4.1. Writing and Reading igzip files

One key feature of pymzML is the ability to write and read indexed gzip files. The utils module contains a script to easily convert plain or gzipped mzML files into indexed gzip files. However, the GSGW() and GSGR() class can be used to index any type of data. After these two classes have been introduced, a small example of how to use them for other data than mzML can be found.

4.2. Generalized Seekable index Gzip Writer

Please refer to GSGW() for further information.

4.3. Generalized Seekable index Gzip Reader

Please refer to GSGR() for further information.

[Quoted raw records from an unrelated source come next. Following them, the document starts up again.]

Lemma psX_no_const_term (i : 'I_n) : no_const_term (psX i : ps R n).
Proof. by rewrite /no_const_term /=; case: eqP => // /(congr1 mdeg); rewrite mdeg0 mdeg1. Qed.

End NoConstTerm.
Arguments psX_no_const_term {R n} i.

Section Substitution.
Variables (R : comNzRingType) (n k : nat) (phi : 'I_n -> ps R k).
Implicit Types (a b : ps R n).

Lemma pscoef_ps_subst a m : pscoef (ps_subst phi a) m =
  (mcomp (fun i => pstrunc (mdeg m).+1 (phi i)) (pstrunc (mdeg m).+1 a))@_m.
Proof.
rewrite /= /mcomp (mmapE (mdeg m).+1) ?msize_pstrunc //.
by congr (mcoeff _ _); apply: eq_bigr => j _; rewrite pstruncE bmdeg mul_mpolyC.
Qed.

Lemma ps_subst_is_zmod_morphism : zmod_morphism (ps_subst phi).
Proof.
move=> a b; apply: psP => m /=; rewrite -mcoeffB -sumrB.
by congr (mcoeff _ _); apply: eq_bigr => j _; rewrite scalerBl.
Qed.

HB.instance Definition _ := GRing.isZmodMorphism.Build (ps R n) (ps R k)
  (ps_subst phi) ps_subst_is_zmod_morphism.

Lemma ps_subst1 : ps_subst phi 1 = 1.
Proof.
apply: psP => m; rewrite pscoef_ps_subst pstrunc1 //.
by rewrite /mcomp (mmap_is_multiplicative _ _).2 mcoeff1.
Qed.

Lemma ps_substC (c : R) : ps_subst phi (psC n c) = psC k c.
Proof.
apply: psP => m; rewrite pscoef_ps_subst pstrunc_psC // /mcomp mmapC mcoeffC /=.
by case: eqP; rewrite ?mulr1 ?mulr0.
Qed.

Hypothesis phi0 : forall i, no_const_term (phi i).

Lemma pscoef_ps_substE D a m : (mdeg m < D)%N -> pscoef (ps_subst phi a) m =
  (mcomp (fun i => pstrunc D (phi i)) (pstrunc D a))@_m.
Proof.
move=> lt; rewrite pscoef_ps_subst.
have agree_trunc (f : ps R _) : agree_below (mdeg m).+1 (pstrunc (mdeg m).+1 f) (pstrunc D f).
  by move=> m' lt'; rewrite !pstruncE lt' (leq_trans lt').
rewrite (mcomp_agree_below_map _ (fun i => agree_trunc _ (phi i))) //.
rewrite (@mcomp_agree_below _ _ _ (mdeg m).+1 _ _ (pstrunc D a)) // => i.
exact: pstrunc_vanish_below1.
Qed.

Lemma ps_substM a b : ps_subst phi (a * b) = ps_subst phi a * ps_subst phi b.
Proof.
apply: psP => m; set D := (mdeg m).+1.
rewrite (@pscoef_ps_substE D) // (@psmulE _ _ _ _ _ D) //.
rewrite (@mcomp_agree_below _ _ _ D _ _ (pstrunc D a * pstrunc D b)) //; first last.
- by move=> m' lt; rewrite pstrunc_mul.
- by move=> i; apply: pstrunc_vanish_below1.
rewrite /mcomp (mmap_is_multiplicative _ _).1.
by apply: (agree_belowM (D := D)) => // m' lt; rewrite pstruncE lt (pscoef_ps_substE _ lt).
Qed.

Lemma ps_subst_psX (i : 'I_n) : ps_subst phi (psX i) = phi i.
Proof.
apply: psP => m; rewrite (@pscoef_ps_substE (mdeg m).+2) // pstrunc_psX //.
by rewrite /mcomp mmapX mmap1U pstruncE ltnS leqnSn.
Qed.

End Substitution.

Section Coefficients.
Variables (R : comNzRingType) (n : nat).
Implicit Types (f g : ps R n).

Lemma pscoefN f m : pscoef (- f) m = - pscoef f m.
Proof. by []. Qed.

Lemma pscoefB f g m : pscoef (f - g) m = pscoef f m - pscoef g m.
Proof. by []. Qed.

Lemma pscoefCM c f m : pscoef (psC n c * f) m = c * pscoef f m.
Proof.
by rewrite (@psmulE _ _ _ _ _ (mdeg m).+1) // pstrunc_psC // mcoeffCM pstruncE ltnSn.
Qed.

Lemma pscoef0M f g : pscoef (f * g) 0%MM = pscoef f 0%MM * pscoef g 0%MM.
Proof.
have trunc1 h : pstrunc 1 h = (pscoef h 0%MM)%:MP.
  apply/mpolyP => m; rewrite pstruncE mcoeffC ltnS leqn0 mdeg_eq0.
  by case: eqP => [->|]; rewrite ?mulr1 ?mulr0.
by rewrite (@psmulE _ _ _ _ _ 1) ?mdeg0 // !trunc1 -mpolyCM mcoeffC eqxx mulr1.
Qed.

Lemma pscoefXM (i : 'I_n) f m : pscoef (psX i * f) m =
  if (0 < m i)%N then pscoef f (m - U_(i))%MM else 0.
Proof.
rewrite (@psmulE _ _ _ _ _ (mdeg m).+2) // pstrunc_psX //.
case: ifP => [mi|mi].
  have Em : m = (U_(i) + (m - U_(i)))%MM.
    apply/mnmP => j; rewrite mnmDE mnmBE mnm1E.
    by case: eqP => [<-|] /=; [rewrite subnKC | rewrite subn0].
  rewrite [in LHS]Em mulrC mcoeffMX pstruncE.
  by rewrite (leq_ltn_trans (mdegB _ _)) // -Em ltnW.
rewrite mcoeffM big1 // => -[m1 m2] /eqP /= Em; rewrite mcoeffX.
case: eqP => [E1|]; last by rewrite mul0r.
have : (m i = m1 i + m2 i)%N by rewrite -mnmDE -Em.
by rewrite -E1 mnm1E eqxx => mi1; rewrite mi1 in mi.
Qed.

End Coefficients.

Section OneVariable.
Variables (R : comNzRingType) (v : R).
Let t : ps R 1 := psX ord0.

Lemma mdeg_1var (m : 'X_{1..1}) : mdeg m = m ord0.
Proof. by rewrite mdegE big_ord1. Qed.

Lemma fgl_inv_series_eq : fgl_inv_series v * (1 - psC 1 v * t) = - t.
Proof.
rewrite mulrBr mulr1 mulrCA [_ * t]mulrC; apply: psP => m.
rewrite pscoefB pscoefN pscoefCM /t pscoefXM /= !mdeg_1var mnmBE mnm1E eqxx.
have -> : (m == U_(ord0))%MM = (m ord0 == 1%N).
  apply/eqP/eqP => [->|h]; first by rewrite mnm1E.
  by apply/mnmP => j; rewrite ord1 mnm1E h.
case: (m ord0) => [|[|j]] /=; rewrite ?mulr0 ?subr0 ?oppr0 ?expr0 //.
by rewrite exprS mulrN opprK addrC subrr.
Qed.

Definition geom_series : ps R 1 := PS (fun m => v ^+ mdeg m).

Lemma geom_series_eq : geom_series * (1 - psC 1 v * t) = 1.
Proof.
rewrite mulrBr mulr1 mulrCA [_ * t]mulrC; apply: psP => m.
rewrite pscoefB pscoefCM /t pscoefXM /= !mdeg_1var mnmBE mnm1E eqxx.
rewrite -mdeg_eq0 mdeg_1var.
by case: (m ord0) => [|j] /=; rewrite ?mulr0 ?subr0 // subn1 /= exprS subrr.
Qed.

End OneVariable.

Section FormalGroupLaw.
Variables (R : comNzRingType) (v : R) (n : nat).
Implicit Types (f g y w : ps R n).
Lemma flow_incidence x i : flow ei ej A b x i =
  - \sum_l incidence R ei ej l i *: (P l *m (x (ei l) - x (ej l) - bbar l)).
Proof.
rewrite /flow; congr -%R.
transitivity (\sum_j \sum_(l | joins l i j) P l *m (x i - x j - bbarij ei ej A b i j)).
  rewrite [RHS](bigID (adj ei ej i)) /= [X in _ = _ + X]big1 ?addr0.
    by apply: eq_bigr => j _; rewrite /Pij mulmx_suml.
  by move=> j /existsPn not_adj; rewrite big_pred0 // => l; apply/negbTE/not_adj.
rewrite (exchange_big_dep xpredT) //=; apply: eq_bigr => l _.
rewrite (sum_joins l i (fun i j => P l *m (x i - x j - bbarij ei ej A b i j))) /=.
rewrite (bbarijC (ei l)) bbarij_edge incidenceE scalerBl !scaler_nat.
have -> : x (ej l) - x (ei l) - - bbar l = - (x (ei l) - x (ej l) - bbar l).
  by rewrite [RHS]opprD opprB.
by rewrite mulmxN mulNrn.
Qed.

Hypothesis A_free : forall l, row_free (A l).
Local Notation G := (Pbar A *m Hbar R n ei ej).

Lemma gram_mul_stack (y : 'I_m -> 'cV[R]_n) :
  G^T *m G *m stack y =
  stack (fun i => \sum_l incidence R ei ej l i *: (P l *m (y (ei l) - y (ej l)))).
Proof.
rewrite trmx_mul Pbar_tr -!mulmxA Hbar_mul_stack !Pbar_mul_stack Hbar_tr_mul_stack.
by congr stack; apply/funext => i; under eq_bigr do rewrite mulmxA (Pe_idem A_free).
Qed.

Lemma flow_stack (x0 : 'I_m -> 'cV[R]_n) :
  (forall l, A l *m (x0 (ei l) - x0 (ej l)) = b l) ->
  forall x, stack (flow ei ej A b x) = - (G^T *m G *m (stack x - stack x0)).
Proof.
move=> x0_agree x; rewrite -stackB gram_mul_stack -stackN; congr stack.
apply/funext => i; rewrite flow_incidence; congr -%R; apply: eq_bigr => l _.
rewrite -(Pe_agreement (x0_agree l)) mulmxBr mulmxA (Pe_idem A_free) -mulmxBr.
by rewrite !opprD !opprK addrACA.
Qed.

Lemma agreement_of_kernel (y : 'I_m -> 'cV[R]_n) :
  G *m stack y = 0 -> forall l, A l *m (y (ei l) - y (ej l)) = 0.
Proof.
move=> Gy l; rewrite -(mulmx_Pe A_free) -mulmxA.
have := congr1 (fun v => unstack v l) Gy.
rewrite /= -mulmxA Hbar_mul_stack Pbar_mul_stack stackK => ->.
have -> : unstack 0 l = 0 :> 'cV[R]_n by apply/colP => k; rewrite !mxE.
exact: mulmx0.
Qed.

End Flow.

4.4. Practical Example: Moby Dick

4.4.1. Creating the compressed file

To utilze GSGW() for other data, one simply needs to parse the data blockwise, so every piece of data, which should be accessible by indexing is written in one go. The index used can be either an integer or a string. The code example below parses each chapter of moby dick and indexes it with its corresponding chapter number.

Example:

def index_by_chapter(txt):
    """
    Iterate the text file while collecting the data for each chapter and compressing it

    Args:
        txt(str): Moby Dick text as string
    """
    chapter_start = regex_patterns.MOBY_DICK_CHAPTER_PATTERN
    general_seekable_gzip_writer = GSGW(
        file        = 'Moby_Dick_indexed.gz',
        max_idx     = 50,
        max_idx_len = 2,
        output_path = './Moby_Dick_indexed.gz'
    )

    with general_seekable_gzip_writer as index_writer:
        current_chapter = ''
        for line in txt:
            if re.match(chapter_start, line):
                match = re.match(chapter_start, line)
                current_chapter_number = int(match.group(1)) = 1
                print(
                    'indexing chapter {0} '.format(
                        current_chapter_number
                    ),
                    end = '\r'
                )
                index_writer.add_data(current_chapter, current_chapter_number)
                current_chapter = ''
            else:
                current_chapter += line
        current_chapter_number  += 1
        index_writer.add_data(current_chapter, current_chapter_number)
        print(
            'index chapter {0} '.format(
                current_chapter_number
            ),
            end='\r'
        )
        index_writer.write_index()
        print('Indexed {0} chapters'.format(current_chapter_number))

4.4.2. Accessing the data

In order to access the chapter in the compressed file, one simply needs to initialize the GSGR() with the path to the created file and can access the chapters conveniently by the python bracket notation ([]).

from GSGR import GSGR
import sys
import time

my_Reader = GSGR('./Moby_Dick_indexed.gz')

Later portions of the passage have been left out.